PORT ANGELES — Amber Steim’s lawyer told a Clallam County Superior Court judge on Friday that his client is prepared to plead guilty to vehicular homicide and reckless endangerment for the March 2011 death of a home health nurse.
Barring a plea agreement, the 25-year-old Port Angeles woman will go on trial Sept. 17 for the death of Ellen DeBondt, 44.
DeBondt was killed in head-on wreck while traveling to work on state Highway 112 west of Port Angeles.
Clallam County Prosecuting Attorney Deb Kelly said she has not received a report from a defense expert that she needs to interview before trial.
Superior Court Judge S. Brooke Taylor scheduled an Aug. 31 hearing for consideration of Kelly’s request for discovery and a Sept. 6 hearing for pretrial motions.
“Mrs. Kelly and I have been in aggressive settlement discussions,” said Port Angeles attorney Ralph Anderson.
Steim is charged with vehicular homicide, reckless endangerment and witness tampering in the death of the well-known health care provider and avid outdoorswoman.
Blood-alcohol level
The State Patrol said Steim was driving with a 0.23 blood-alcohol level — nearly three times over the 0.08 legal limit — when she crossed a centerline and rumble strip and crashed into DeBondt’s pickup truck at 7:54 a.m. on March 6, 2011, at Oxenford Road east of Joyce.

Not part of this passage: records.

Lemma inParab_ext_roots (w : 'M[F]_(k + l)) :
  inParab E w = (dlsubmx w == 0) && inParab I' (ulsubmx w).
Proof.
apply/idP/andP => [/forallP Hw | [/eqP dl0 /forallP Hul]].
  split.
    apply/eqP/matrixP => i j; rewrite !mxE.
    by have := forallP (Hw (rshift k i)) (lshift l j); rewrite blk_ext_lshift_lt_rshift => /eqP.
  apply/forallP => i; apply/forallP => j; apply/implyP => hij; rewrite !mxE.
  by have := forallP (Hw (lshift l i)) (lshift l j); rewrite !blk_ext_lshift hij.
apply/forallP => i; apply/forallP => j; apply/implyP.
rewrite -(splitK i) -(splitK j); case: (split i) => i'; case: (split j) => j' /=.
- by rewrite !blk_ext_lshift => hij; have := forallP (Hul i') j'; rewrite hij !mxE.
- by rewrite ltnNge (ltnW (blk_ext_lshift_lt_rshift _ _ _)).
- by move=> _; have := congr1 (fun M : 'M[F]_(l, k) => M i' j') dl0; rewrite !mxE => ->.
- by rewrite (blk_ext_rshift _ j' i') ltnn.
Qed.

Definition embed_ul (g : 'M[F]_k) : 'M[F]_(k + l) := block_mx g 0 0 1%:M.

Lemma unitmx_embed_ul g : g \in unitmx -> embed_ul g \in unitmx.
Proof. by move=> gu; rewrite /embed_ul block_diag_mx_unit gu unitmx1. Qed.

Lemma invmx_embed_ul g : g \in unitmx -> invmx (embed_ul g) = embed_ul (invmx g).
Proof.
by move=> gu; rewrite /embed_ul invmx_block_diag ?invmx1 // -/(embed_ul g) unitmx_embed_ul.
Qed.

Lemma mulmx_embed_ul (p : 'M[F]_(k + l)) g :
  p *m embed_ul g = block_mx (ulsubmx p *m g) (ursubmx p) (dlsubmx p *m g) (drsubmx p).
Proof.
rewrite -{1}[p]submxK /embed_ul mulmx_block.
by rewrite !(mulmx0, mul0mx, addr0, add0r, mulmx1, mul1mx).
Qed.
Lemma riccati_cov_mx l s : 0 <= s ->
  riccati (Amat n l) 1%:M C 0 (cov_mx s) = cov_mx (riccati_scalar l a s).
Proof. by move=> s_ge0; rewrite riccati_psd cond_var_cov_mx. Qed.

Lemma steady_state_cov00 l S0 Sig : l ^+ 2 < 1 -> psd S0 ->
  steady_state (Amat n l) 1%:M C 0 S0 Sig -> Sig 0 0 = sigma11 l a.
Proof.
move=> L_lt1 S0_psd S_lim; have a_ge0 := sum_sqr_ge0.
set f := riccati_scalar l a; set ric := riccati (Amat n l) 1%:M C 0.
have f_ge0 x : 0 <= x -> 0 <= f x by move=> /(riccati_scalar_ge1 l a_ge0); apply: le_trans.
set s1 := 1 + l ^+ 2 * cond_var S0 e0 C.
have s1_ge0 : 0 <= s1 by rewrite (le_trans ler01) // lerDl mulr_ge0 ?sqr_ge0 ?cond_var_ge0.
have iterE k : iter k.+1 ric S0 = cov_mx (iter k f s1).
  elim: k => [|k IHk]; first exact: riccati_psd.
  rewrite iterS IHk /ric riccati_cov_mx //; elim: k {IHk} => //= k; exact: f_ge0.
have f_contr x : 0 <= x -> `|f x - sigma11 l a| <= l ^+ 2 * `|x - sigma11 l a|.
  move=> x_ge0; rewrite -{1}(sigma11_fixed l a_ge0).
  by apply: riccati_scalar_lipschitz; rewrite // (le_trans ler01) ?sigma11_ge1.
have scalar_cvg : iter k f s1 @[k --> \oo] --> sigma11 l a.
  by apply: (iter_contraction_cvg _ f_ge0 f_contr) => //; rewrite sqr_ge0.
have entry_cvg : (fun k => iter k ric S0 0 0) @ \oo --> sigma11 l a.
  rewrite -cvg_shiftS; under eq_fun do rewrite iterE cov_mx00; exact: scalar_cvg.
exact: cvg_unique (S_lim 0 0) entry_cvg.
Qed.

End KalmanSystem.

Theorem lemma3 (R : realType) (n : nat) (l : R) (g : 'rV[R]_n) :
  0 < `|l| < 1 ->
  (forall S0 Sig : 'M[R]_(1 + n), psd S0 ->
     steady_state (Amat n l) 1%:M (Cmat g) 0 S0 Sig ->
     Sig ord0 ord0 = sigma11 l (\sum_(j < n) g 0 j ^+ 2))
  /\ (forall a b : R, 0 <= a -> a < b -> sigma11 l a < sigma11 l b)
  /\ sigma11 l 0 = 1
  /\ (sigma11 l x @[x --> +oo] --> (1 - l ^+ 2)^-1).
Proof.
move=> /andP[l_gt0 l_lt1].
have L_bounds : 0 < l ^+ 2 < 1.
  by rewrite -(real_normK (num_real l)) exprn_gt0 // expr_lt1.
have /andP[_ L_lt1] := L_bounds.
split; first by move=> S0 Sig; exact: steady_state_cov00 L_lt1.
split; first by move=> a b; exact: sigma11_increasing.
by split; [exact: sigma11_0 | exact: sigma11_cvg].
Qed.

Kelly said she filed two motions to compel evidence from the defense, the last of which had an Aug. 10 deadline.
As of Friday, Kelly said she had not received the report she needs from Dr. Kenneth Muscatel, a Seattle neuropsychologist who will likely testify that Steim suffered a concussion in the wreck.
Anderson said Muscatel is waiting on a report he needs from Olympic Medical Center, where Steim was treated after the crash.
“I understand that Mr. Anderson may not be able to control his investigator,” said Kelly, who did not address a potential settlement in Friday’s status hearing.
“Be that as it may, the state is entitled to this information.”
Kelly added: “Were the state in this situation, I suspect defense counsel would be asking for sanctions.”
Taylor made no rulings Friday other than to schedule the next court dates.
Taylor was sitting in for Judge Ken Williams, who has handled the Steim case.
Williams was out of the area this week attending to a family emergency.
‘Wild goose chase’
“We indicated, after the blood tests came back, that were interested in pleading to vehicular homicide as charged at that time,” Anderson told Taylor.
“We then went on a seven- or eight-month wild goose chase.”
Anderson was referring to the first-degree murder with extreme indifference charge that Kelly filed in April.
Williams dismissed the charge in July after Anderson filed a “Knapstad motion” based on 1986 case law that allows defendants to request dismissal of a murder charge.
Anderson argued that the facts did not support a first-degree murder charge.
Kelly filed a motion for Williams to reconsider the dismissal, but the judge was satisfied with Anderson’s arguments.
Another hold-up was a finding that Steim violated her bail conditions.
After posting a $100,000 bail, Steim was required to wear a Secure Continuous Remote Alcohol Monitoring bracelet, which detected a 0.058 percent blood-alcohol level in October.
Steim was remanded back to the Clallam County jail, where she is currently being held on $500,000 bail.
In preparing to argue his 21st murder case, Anderson arranged for University of Washington atmospheric sciences professor and regional weather expert Cliff Mass to testify about the icy road conditions on the morning of the wreck.
He also hired an accident reconstruction expert to recreate the scene.
Both of those experts were called off.
Guilty plea
Anderson said he has offered a guilty plea on the vehicular homicide and reckless endangerment charges.
“We won’t plea on the witness tampering,” Anderson said.
Anderson said Muscatel will testify that Steim suffered a concussion in the wreck and was stilled dazed when she told a friend to remind her lawyer that she drank alcohol after the crash because she was in pain.
Anderson said he had subpoenaed OMC to release his client’s medical information.
“The only thing that has not been done was getting the records from the hospital so that we can confirm whether she had a concussion or not,” Anderson said, adding that he is otherwise fully prepared for trial.
“This is the most prepared serious case that I have ever been involved in,” he said.
Kelly maintained that she needs the final report from Muscatel that Williams ordered.
“I understand counsel’s situation, it’s certainly one the state has been in, where we’ve done everything that we could to get something but hadn’t been able to get it,” Kelly said.
“Frankly, the court says that’s not good enough.”
More than two dozen of DeBondt’s friends and family members attended the hearing wearing pink hearts on their shirts in DeBondt’s memory.